Method table for Random Forests® Classification

Note

This command is available with the Predictive Analytics Module. Click here for more information about how to activate the module.

Find definitions and interpretation guidance for the Method table.

Model validation

Random Forests® Classification uses out-of-bag validation for every analysis. If you select validation with a test set in addition to out-of-bag validation, then the table displays the column that identifies the test set or the percentage of the data in the test and training sets.

Number of bootstrap samples

The number of bootstrap samples indicates the number of trees in the analysis. When you use the only out-of-bag validation, the sample size is the same as the number of rows in the analysis. When you use validation with a test set, the default sample size is the same as the training data size. If you choose to use a sample size smaller than the training data size, the table displays that size.

Number of predictors selected for node splitting

This row indicates whether the node splitting considers every predictor at each node or a random subset of the predictors. If the node splitting uses a random subset, this row indicates the choice for the number of predictors to consider.

If you use all the predictors initially, consider whether to use a subset of predictors in subsequent models to compare the performance of the models.

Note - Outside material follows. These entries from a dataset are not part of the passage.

Lemma is_derive_curve_pair (f g : R -> R) t df dg :
  is_derive f t df -> is_derive g t dg ->
  is_derive (K := R_AbsRing) (V := C_R_NormedModule)
    (fun s => (f s, g s) : C) t ((df, dg) : C).
Proof.
  intros Hf Hg; eapply filterdiff_ext_lin.
  - apply (filterdiff_comp_2 (W := C_R_NormedModule) f g (fun x y => (x, y)));
      [exact Hf | exact Hg |].
    apply (filterdiff_linear
      (fun p : prod_NormedModule R_AbsRing R_NormedModule R_NormedModule => (fst p, snd p))).
    apply is_linear_prod; [apply is_linear_fst | apply is_linear_snd].
  - reflexivity.
Qed.

Lemma is_derive_Cmult_r (k x : C) : is_derive (fun u => u * k)%C x k.
Proof.
  apply is_derive_C_of_estimate; intros eps Heps; exists 1; split; [lra|].
  intros y _; replace (y * k - x * k - (y - x) * k)%C with (RtoC 0) by ring.
  rewrite Cmod_0; pose proof (Cmod_ge_0 (y - x)); nra.
Qed.

(* [is_derive_comp] needs the inner derivative for the normed-module structure
   that [C] carries as an [AbsRing], which is not convertible to [C_NormedModule]. *)
Lemma is_derive_AbsRing_of_C (F : C -> C) x L :
  is_derive F x L -> is_derive (V := AbsRing_NormedModule C_AbsRing) F x L.
Proof. intros [_ HD]; split; [apply is_linear_scal_l | exact HD]. Qed.

Definition cayley (z : C) : C := ((1 + z) / (1 - z))%C.
Definition cayley_inv (E : C) : C := ((E - 1) / (E + 1))%C.

Lemma one_sub_neq_0 (z : C) : Cmod z < 1 -> (1 - z <> 0)%C.
Proof.
  intros Hz Hz1; replace z with (RtoC 1) in Hz
    by (replace z with (1 - (1 - z))%C by ring; rewrite Hz1; ring).
  rewrite Cmod_1 in Hz; lra.
Qed.

Lemma cayley_invK (z : C) : Cmod z < 1 -> cayley_inv (cayley z) = z.
Proof.
  intros Hz; unfold cayley_inv, cayley; field; split; [now apply one_sub_neq_0|].
  intro H2; assert (H20 : RtoC 2 = RtoC 0) by (rewrite <- H2; ring).
  apply RtoC_inj in H20; lra.
Qed.

Lemma Re_cayley_pos (z : C) : Cmod z < 1 -> 0 < Re (cayley z).
Proof.
  destruct z as [x y]; intros Hz.
  assert (Hxy : x * x + y * y < 1).
  { pose proof (Cmod2_alt (x, y)); pose proof (Cmod_ge_0 (x, y)); simpl in *; nra. }
  assert (Hden : 0 < (1 - x) * (1 - x) + y * y) by nra.
  replace (Re (cayley (x, y))) with ((1 - x * x - y * y) / ((1 - x) * (1 - x) + y * y)).
  - apply Rdiv_lt_0_compat; lra.
  - unfold cayley, Cdiv, Cinv, Cmult, Cplus, Cminus, Copp, Re, RtoC; simpl; field; lra.
Qed.

Lemma cayley_inv_disk (E : C) : 0 < Re E -> Cmod (cayley_inv E) < 1 /\ (E + 1 <> 0)%C.
Proof.
  destruct E as [x y]; simpl; intros Hx.
  assert (Hn : ((x, y) + 1 <> 0)%C) by (intro H; injection H; lra).
  split; [|exact Hn].
  unfold cayley_inv; rewrite Cmod_div by exact Hn.
  apply Rlt_div_l; [now apply Cmod_gt_0|]; rewrite Rmult_1_l.
  unfold Cmod, Cplus, Cminus, Copp, RtoC; simpl.
  apply sqrt_lt_1_alt; rewrite !Rmult_1_r; split; [|nra].
  apply Rplus_le_le_0_compat; apply Rle_0_sqr.
Qed.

Minimum internal node size

The minimum internal node size indicates the minimum number of cases a node can have and still split into more nodes. If the model performance is inadequate, consider whether to increase this value to see the effect on the performance.

Missing value penalty

By default, the analysis does not have a missing value penalty and this row is not present. The missing value penalty penalizes a predictor variable for the proportion of missing values. A variable with a high penalty is less likely to become the splitter for a node.

High level category penalty

By default, the analysis does not have a high level category penalty and this row is not present. The high-level category penalty penalizes a variable based on the number of categorical levels relative to the size of the node for each node. Thus, a competitor with many levels in a node is less likely to become the splitter for that node.

Rows used

The number of response observations that are in the analysis.

Rows unused

The number of missing response observations.